(Dataset entries)
- - - - -

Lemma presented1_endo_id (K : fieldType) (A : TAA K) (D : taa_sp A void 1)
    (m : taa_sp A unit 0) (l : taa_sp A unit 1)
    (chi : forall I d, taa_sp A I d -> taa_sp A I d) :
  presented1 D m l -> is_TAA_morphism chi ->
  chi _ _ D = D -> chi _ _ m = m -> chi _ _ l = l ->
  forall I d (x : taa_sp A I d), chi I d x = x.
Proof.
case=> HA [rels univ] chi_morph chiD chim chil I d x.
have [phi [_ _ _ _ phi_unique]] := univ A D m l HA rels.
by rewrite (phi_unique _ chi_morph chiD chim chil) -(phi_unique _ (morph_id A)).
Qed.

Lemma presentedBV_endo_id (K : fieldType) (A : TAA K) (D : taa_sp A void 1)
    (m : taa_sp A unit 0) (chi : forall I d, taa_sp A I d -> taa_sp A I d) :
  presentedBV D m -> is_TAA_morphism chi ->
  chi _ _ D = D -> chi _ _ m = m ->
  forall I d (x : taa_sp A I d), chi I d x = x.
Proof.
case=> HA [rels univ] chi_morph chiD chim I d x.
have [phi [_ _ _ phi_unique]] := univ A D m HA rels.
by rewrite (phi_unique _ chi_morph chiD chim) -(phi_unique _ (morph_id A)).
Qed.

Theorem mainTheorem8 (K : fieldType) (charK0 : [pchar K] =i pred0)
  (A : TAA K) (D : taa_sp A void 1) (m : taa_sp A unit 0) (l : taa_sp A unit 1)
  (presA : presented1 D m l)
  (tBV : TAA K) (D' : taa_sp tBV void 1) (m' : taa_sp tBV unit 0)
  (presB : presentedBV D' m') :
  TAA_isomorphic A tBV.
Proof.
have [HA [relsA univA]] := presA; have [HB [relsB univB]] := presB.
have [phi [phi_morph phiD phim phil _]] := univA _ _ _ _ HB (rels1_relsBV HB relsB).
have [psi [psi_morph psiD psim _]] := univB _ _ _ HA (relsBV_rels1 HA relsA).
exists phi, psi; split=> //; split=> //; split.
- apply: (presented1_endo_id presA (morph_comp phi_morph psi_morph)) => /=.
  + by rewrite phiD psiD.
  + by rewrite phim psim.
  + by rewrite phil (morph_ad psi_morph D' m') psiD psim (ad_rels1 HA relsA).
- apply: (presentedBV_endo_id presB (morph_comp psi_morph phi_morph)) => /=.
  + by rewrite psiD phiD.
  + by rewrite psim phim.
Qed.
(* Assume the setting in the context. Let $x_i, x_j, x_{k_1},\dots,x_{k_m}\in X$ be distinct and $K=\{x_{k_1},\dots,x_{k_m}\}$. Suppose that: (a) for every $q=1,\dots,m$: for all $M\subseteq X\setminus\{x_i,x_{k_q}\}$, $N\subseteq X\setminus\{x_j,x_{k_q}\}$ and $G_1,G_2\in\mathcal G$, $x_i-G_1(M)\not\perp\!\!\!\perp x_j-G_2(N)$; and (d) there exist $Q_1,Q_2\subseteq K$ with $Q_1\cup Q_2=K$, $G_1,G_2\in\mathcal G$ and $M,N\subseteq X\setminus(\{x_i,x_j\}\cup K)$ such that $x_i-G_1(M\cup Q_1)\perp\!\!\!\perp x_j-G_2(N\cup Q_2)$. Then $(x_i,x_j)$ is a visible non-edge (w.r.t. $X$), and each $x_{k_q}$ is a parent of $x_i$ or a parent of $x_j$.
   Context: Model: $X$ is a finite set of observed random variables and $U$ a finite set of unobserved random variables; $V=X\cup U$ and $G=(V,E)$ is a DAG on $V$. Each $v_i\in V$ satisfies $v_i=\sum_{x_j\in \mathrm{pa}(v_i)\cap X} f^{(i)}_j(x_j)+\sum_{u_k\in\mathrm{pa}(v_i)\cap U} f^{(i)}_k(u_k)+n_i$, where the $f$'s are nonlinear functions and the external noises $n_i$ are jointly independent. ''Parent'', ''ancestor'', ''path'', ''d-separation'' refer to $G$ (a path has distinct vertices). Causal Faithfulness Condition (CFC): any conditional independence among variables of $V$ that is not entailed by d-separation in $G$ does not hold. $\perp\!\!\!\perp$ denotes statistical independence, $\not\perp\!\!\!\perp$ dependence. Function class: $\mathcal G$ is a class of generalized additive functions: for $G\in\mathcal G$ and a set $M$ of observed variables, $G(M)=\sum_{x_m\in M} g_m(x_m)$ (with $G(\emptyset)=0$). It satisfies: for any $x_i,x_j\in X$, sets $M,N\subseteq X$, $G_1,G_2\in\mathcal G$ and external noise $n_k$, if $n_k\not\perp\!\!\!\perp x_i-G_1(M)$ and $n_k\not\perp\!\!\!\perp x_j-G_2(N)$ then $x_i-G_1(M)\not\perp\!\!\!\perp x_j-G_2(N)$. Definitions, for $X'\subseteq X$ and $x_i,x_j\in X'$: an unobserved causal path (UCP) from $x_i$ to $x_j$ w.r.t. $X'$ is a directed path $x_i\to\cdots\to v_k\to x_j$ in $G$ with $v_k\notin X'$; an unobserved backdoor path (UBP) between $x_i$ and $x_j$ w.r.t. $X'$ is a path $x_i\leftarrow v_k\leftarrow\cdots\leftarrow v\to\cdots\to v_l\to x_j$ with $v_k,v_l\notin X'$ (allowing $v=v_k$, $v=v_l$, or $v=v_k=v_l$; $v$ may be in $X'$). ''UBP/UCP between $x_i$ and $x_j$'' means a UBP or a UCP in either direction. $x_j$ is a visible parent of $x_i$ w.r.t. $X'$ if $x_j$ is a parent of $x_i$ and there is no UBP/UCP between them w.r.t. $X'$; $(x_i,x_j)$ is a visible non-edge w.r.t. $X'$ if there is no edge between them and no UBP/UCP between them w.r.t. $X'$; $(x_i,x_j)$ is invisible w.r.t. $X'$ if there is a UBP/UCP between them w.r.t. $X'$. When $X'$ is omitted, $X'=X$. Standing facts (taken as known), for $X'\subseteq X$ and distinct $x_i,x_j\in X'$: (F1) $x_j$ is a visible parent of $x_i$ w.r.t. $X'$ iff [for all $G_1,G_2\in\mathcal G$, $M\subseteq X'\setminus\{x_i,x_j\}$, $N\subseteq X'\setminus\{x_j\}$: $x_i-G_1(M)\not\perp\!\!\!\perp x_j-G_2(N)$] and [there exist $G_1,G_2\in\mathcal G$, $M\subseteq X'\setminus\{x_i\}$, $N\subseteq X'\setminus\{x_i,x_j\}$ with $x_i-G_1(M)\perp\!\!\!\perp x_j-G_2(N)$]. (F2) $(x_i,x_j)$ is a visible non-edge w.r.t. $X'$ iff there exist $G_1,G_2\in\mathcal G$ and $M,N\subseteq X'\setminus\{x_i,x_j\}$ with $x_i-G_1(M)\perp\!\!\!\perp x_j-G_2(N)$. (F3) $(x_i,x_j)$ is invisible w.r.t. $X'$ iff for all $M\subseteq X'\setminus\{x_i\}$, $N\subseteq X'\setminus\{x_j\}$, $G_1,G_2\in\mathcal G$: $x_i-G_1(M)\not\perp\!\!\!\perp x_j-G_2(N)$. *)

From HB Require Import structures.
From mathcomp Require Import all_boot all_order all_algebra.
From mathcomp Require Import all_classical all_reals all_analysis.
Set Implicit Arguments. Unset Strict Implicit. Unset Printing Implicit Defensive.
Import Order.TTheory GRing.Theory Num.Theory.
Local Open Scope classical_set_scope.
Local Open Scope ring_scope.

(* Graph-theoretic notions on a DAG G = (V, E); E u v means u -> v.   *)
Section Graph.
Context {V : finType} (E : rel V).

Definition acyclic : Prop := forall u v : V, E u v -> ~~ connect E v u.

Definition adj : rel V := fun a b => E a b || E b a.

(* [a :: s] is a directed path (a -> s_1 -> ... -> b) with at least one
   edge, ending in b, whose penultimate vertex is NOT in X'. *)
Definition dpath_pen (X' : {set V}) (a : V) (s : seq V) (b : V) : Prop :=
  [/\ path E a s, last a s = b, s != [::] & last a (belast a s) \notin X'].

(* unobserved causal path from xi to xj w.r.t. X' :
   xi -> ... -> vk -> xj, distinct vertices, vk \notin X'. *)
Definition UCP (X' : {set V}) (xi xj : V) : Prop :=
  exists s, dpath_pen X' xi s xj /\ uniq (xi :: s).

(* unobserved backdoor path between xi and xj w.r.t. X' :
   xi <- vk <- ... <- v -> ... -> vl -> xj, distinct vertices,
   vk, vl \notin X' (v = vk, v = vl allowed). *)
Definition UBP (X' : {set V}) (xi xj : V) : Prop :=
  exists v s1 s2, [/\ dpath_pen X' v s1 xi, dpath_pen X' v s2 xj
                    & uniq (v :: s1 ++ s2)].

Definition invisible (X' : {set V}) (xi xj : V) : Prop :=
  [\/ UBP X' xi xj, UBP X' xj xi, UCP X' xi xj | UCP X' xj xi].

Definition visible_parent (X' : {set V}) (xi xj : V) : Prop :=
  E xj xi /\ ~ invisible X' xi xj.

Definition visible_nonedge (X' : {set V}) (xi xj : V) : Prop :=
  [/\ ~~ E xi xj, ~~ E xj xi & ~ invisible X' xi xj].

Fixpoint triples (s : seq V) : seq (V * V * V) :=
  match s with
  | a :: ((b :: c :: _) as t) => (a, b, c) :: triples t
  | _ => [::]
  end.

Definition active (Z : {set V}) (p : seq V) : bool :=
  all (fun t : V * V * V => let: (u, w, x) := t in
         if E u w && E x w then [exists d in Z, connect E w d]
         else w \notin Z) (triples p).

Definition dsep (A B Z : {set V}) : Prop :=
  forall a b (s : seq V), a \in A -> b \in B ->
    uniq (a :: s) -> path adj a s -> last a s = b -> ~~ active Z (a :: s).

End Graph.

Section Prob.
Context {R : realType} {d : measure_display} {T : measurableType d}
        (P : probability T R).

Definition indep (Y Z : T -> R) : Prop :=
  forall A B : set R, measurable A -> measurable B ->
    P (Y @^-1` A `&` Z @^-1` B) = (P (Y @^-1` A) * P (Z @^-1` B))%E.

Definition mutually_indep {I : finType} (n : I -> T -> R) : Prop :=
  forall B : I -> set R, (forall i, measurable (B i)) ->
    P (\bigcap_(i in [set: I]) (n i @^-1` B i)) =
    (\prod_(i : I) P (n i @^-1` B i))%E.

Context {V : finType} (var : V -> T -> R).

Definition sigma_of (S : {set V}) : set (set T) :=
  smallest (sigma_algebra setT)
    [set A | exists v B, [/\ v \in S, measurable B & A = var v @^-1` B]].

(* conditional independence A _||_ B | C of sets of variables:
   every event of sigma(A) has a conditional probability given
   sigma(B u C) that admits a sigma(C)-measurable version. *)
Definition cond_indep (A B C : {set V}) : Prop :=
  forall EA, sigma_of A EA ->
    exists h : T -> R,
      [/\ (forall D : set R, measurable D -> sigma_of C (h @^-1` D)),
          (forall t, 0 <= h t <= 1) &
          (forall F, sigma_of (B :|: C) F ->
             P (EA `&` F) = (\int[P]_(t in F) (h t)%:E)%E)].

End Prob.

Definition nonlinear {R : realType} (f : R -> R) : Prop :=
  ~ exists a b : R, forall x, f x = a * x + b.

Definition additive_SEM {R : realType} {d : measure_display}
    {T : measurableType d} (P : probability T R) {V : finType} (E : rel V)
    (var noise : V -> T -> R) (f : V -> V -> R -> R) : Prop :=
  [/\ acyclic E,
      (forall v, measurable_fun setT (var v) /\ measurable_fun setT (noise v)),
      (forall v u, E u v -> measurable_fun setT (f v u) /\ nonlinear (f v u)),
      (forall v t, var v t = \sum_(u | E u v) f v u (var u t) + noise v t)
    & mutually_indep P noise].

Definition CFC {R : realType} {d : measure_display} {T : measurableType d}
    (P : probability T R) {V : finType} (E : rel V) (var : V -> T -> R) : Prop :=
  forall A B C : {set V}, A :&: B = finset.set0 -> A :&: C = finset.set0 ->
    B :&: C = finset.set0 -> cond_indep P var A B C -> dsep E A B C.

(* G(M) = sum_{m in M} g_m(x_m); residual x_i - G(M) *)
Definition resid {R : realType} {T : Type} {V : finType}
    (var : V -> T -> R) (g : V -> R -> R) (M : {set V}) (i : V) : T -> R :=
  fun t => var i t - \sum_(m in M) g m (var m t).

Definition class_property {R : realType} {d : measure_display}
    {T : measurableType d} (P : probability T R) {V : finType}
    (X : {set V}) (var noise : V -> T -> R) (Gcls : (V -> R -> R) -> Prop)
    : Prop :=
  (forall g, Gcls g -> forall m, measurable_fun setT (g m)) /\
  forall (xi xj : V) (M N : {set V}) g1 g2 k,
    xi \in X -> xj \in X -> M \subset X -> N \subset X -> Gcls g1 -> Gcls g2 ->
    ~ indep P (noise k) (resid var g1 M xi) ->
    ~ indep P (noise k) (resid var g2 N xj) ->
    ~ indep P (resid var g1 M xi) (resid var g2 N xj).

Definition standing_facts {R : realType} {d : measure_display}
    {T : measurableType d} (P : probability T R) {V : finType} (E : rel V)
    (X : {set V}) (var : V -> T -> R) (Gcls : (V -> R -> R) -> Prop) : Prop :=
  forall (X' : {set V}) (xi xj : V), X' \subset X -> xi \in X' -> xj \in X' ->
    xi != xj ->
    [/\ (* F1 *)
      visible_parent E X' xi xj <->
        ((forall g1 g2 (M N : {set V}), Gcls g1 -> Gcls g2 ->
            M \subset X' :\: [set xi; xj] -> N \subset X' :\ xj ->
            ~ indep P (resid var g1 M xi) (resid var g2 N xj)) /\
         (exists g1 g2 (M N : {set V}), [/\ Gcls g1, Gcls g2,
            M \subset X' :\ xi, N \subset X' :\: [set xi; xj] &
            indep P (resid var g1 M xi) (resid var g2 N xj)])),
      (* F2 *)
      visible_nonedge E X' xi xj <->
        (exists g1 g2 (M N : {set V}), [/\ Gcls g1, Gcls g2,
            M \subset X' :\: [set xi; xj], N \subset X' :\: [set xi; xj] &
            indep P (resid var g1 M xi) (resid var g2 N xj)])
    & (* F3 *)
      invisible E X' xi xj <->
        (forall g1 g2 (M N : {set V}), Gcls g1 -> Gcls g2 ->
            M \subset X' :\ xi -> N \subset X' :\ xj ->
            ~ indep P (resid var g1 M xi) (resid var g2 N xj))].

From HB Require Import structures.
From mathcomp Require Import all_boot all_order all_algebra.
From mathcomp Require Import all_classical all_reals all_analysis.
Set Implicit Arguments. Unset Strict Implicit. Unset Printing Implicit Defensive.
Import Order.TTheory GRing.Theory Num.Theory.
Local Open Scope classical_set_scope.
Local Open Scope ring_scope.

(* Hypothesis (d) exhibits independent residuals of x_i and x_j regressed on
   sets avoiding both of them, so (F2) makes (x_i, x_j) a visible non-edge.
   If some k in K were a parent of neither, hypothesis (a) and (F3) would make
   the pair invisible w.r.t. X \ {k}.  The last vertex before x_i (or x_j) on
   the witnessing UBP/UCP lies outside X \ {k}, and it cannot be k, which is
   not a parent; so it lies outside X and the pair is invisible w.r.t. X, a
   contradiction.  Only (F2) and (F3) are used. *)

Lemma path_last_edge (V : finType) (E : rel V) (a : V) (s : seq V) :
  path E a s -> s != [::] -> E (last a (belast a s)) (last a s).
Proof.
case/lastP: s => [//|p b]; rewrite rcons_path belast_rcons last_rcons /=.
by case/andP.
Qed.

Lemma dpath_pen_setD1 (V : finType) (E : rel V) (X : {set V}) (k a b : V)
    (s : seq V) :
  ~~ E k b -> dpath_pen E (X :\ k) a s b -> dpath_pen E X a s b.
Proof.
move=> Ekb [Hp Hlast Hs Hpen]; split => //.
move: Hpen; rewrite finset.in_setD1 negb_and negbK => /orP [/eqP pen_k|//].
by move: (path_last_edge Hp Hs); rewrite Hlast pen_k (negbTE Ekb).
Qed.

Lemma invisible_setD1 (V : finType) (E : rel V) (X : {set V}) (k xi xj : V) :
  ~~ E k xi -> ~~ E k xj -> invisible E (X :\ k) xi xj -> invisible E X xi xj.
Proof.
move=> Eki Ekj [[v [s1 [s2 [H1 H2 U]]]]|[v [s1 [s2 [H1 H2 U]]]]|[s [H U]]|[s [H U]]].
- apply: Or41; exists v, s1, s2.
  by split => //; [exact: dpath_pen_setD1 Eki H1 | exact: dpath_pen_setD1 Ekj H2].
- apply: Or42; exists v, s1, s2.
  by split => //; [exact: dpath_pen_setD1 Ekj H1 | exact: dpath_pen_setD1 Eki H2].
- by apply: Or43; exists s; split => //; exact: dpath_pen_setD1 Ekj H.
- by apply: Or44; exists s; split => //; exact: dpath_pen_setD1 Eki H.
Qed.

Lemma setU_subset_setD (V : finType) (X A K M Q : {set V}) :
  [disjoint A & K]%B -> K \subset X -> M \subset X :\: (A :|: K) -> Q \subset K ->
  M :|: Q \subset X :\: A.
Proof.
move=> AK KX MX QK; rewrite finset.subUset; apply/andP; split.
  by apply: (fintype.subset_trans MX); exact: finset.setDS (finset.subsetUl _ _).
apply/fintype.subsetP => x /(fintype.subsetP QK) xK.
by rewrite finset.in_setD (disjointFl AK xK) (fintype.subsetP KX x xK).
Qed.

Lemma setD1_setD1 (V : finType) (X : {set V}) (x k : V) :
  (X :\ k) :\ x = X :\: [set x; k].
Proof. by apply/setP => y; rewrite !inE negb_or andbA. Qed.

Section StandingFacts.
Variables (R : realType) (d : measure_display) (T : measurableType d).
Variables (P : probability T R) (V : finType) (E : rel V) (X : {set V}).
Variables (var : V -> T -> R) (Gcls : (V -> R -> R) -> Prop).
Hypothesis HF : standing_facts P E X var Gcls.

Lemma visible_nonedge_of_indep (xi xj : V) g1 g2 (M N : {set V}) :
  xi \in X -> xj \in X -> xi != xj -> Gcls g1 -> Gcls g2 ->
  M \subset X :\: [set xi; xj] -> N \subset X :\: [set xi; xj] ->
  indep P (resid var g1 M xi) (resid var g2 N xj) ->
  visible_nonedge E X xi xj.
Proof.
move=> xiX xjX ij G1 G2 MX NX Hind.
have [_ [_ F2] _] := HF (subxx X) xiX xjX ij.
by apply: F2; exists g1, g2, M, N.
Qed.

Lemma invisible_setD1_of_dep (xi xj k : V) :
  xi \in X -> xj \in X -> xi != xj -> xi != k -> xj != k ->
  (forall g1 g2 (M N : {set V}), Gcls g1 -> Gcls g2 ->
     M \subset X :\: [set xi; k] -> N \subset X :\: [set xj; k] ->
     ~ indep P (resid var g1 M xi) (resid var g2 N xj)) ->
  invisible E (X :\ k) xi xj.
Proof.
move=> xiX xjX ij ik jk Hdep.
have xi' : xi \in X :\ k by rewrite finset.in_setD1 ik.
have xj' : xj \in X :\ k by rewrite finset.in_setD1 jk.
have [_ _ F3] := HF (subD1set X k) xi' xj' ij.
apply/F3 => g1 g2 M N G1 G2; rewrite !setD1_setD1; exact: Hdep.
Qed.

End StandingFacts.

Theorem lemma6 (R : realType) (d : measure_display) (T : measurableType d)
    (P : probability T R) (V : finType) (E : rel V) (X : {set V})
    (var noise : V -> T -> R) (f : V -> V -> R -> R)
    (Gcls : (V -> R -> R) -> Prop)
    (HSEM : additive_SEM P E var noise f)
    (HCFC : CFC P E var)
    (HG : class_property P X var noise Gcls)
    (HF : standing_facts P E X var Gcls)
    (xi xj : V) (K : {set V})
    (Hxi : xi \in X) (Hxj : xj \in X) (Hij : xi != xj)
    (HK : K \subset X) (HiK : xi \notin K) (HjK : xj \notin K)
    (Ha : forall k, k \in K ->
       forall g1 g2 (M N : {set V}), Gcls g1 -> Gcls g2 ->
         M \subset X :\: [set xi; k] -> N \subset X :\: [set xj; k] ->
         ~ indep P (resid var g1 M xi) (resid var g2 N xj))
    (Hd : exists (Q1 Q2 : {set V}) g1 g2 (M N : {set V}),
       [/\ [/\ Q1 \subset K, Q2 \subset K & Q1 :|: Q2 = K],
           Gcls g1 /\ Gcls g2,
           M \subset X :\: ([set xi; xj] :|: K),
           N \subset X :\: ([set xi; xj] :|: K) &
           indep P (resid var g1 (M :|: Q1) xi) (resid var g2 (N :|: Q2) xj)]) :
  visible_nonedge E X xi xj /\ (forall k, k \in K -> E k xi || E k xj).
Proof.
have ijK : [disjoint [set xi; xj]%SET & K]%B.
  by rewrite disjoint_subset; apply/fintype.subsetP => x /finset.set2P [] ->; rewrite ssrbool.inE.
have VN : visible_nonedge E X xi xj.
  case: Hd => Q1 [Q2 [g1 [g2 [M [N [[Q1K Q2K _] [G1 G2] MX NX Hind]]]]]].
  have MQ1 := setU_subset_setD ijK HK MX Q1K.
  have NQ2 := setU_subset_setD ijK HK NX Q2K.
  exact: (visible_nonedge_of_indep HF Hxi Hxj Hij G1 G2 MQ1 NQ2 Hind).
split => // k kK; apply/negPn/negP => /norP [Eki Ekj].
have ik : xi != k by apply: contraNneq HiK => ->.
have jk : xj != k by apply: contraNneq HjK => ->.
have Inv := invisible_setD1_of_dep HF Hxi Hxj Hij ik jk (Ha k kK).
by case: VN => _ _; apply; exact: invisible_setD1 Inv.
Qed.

- - - - -

WHAT IS BEING ASKED: Reproduce each line of the records in which the string "split" appears.

ANSWER SECTION:
exists phi, psi; split=> //; split=> //; split.
move=> Ekb [Hp Hlast Hs Hpen]; split => //.
  by split => //; [exact: dpath_pen_setD1 Eki H1 | exact: dpath_pen_setD1 Ekj H2].
  by split => //; [exact: dpath_pen_setD1 Ekj H1 | exact: dpath_pen_setD1 Eki H2].
- by apply: Or43; exists s; split => //; exact: dpath_pen_setD1 Ekj H.
- by apply: Or44; exists s; split => //; exact: dpath_pen_setD1 Eki H.
move=> AK KX MX QK; rewrite finset.subUset; apply/andP; split.
split => // k kK; apply/negPn/negP => /norP [Eki Ekj].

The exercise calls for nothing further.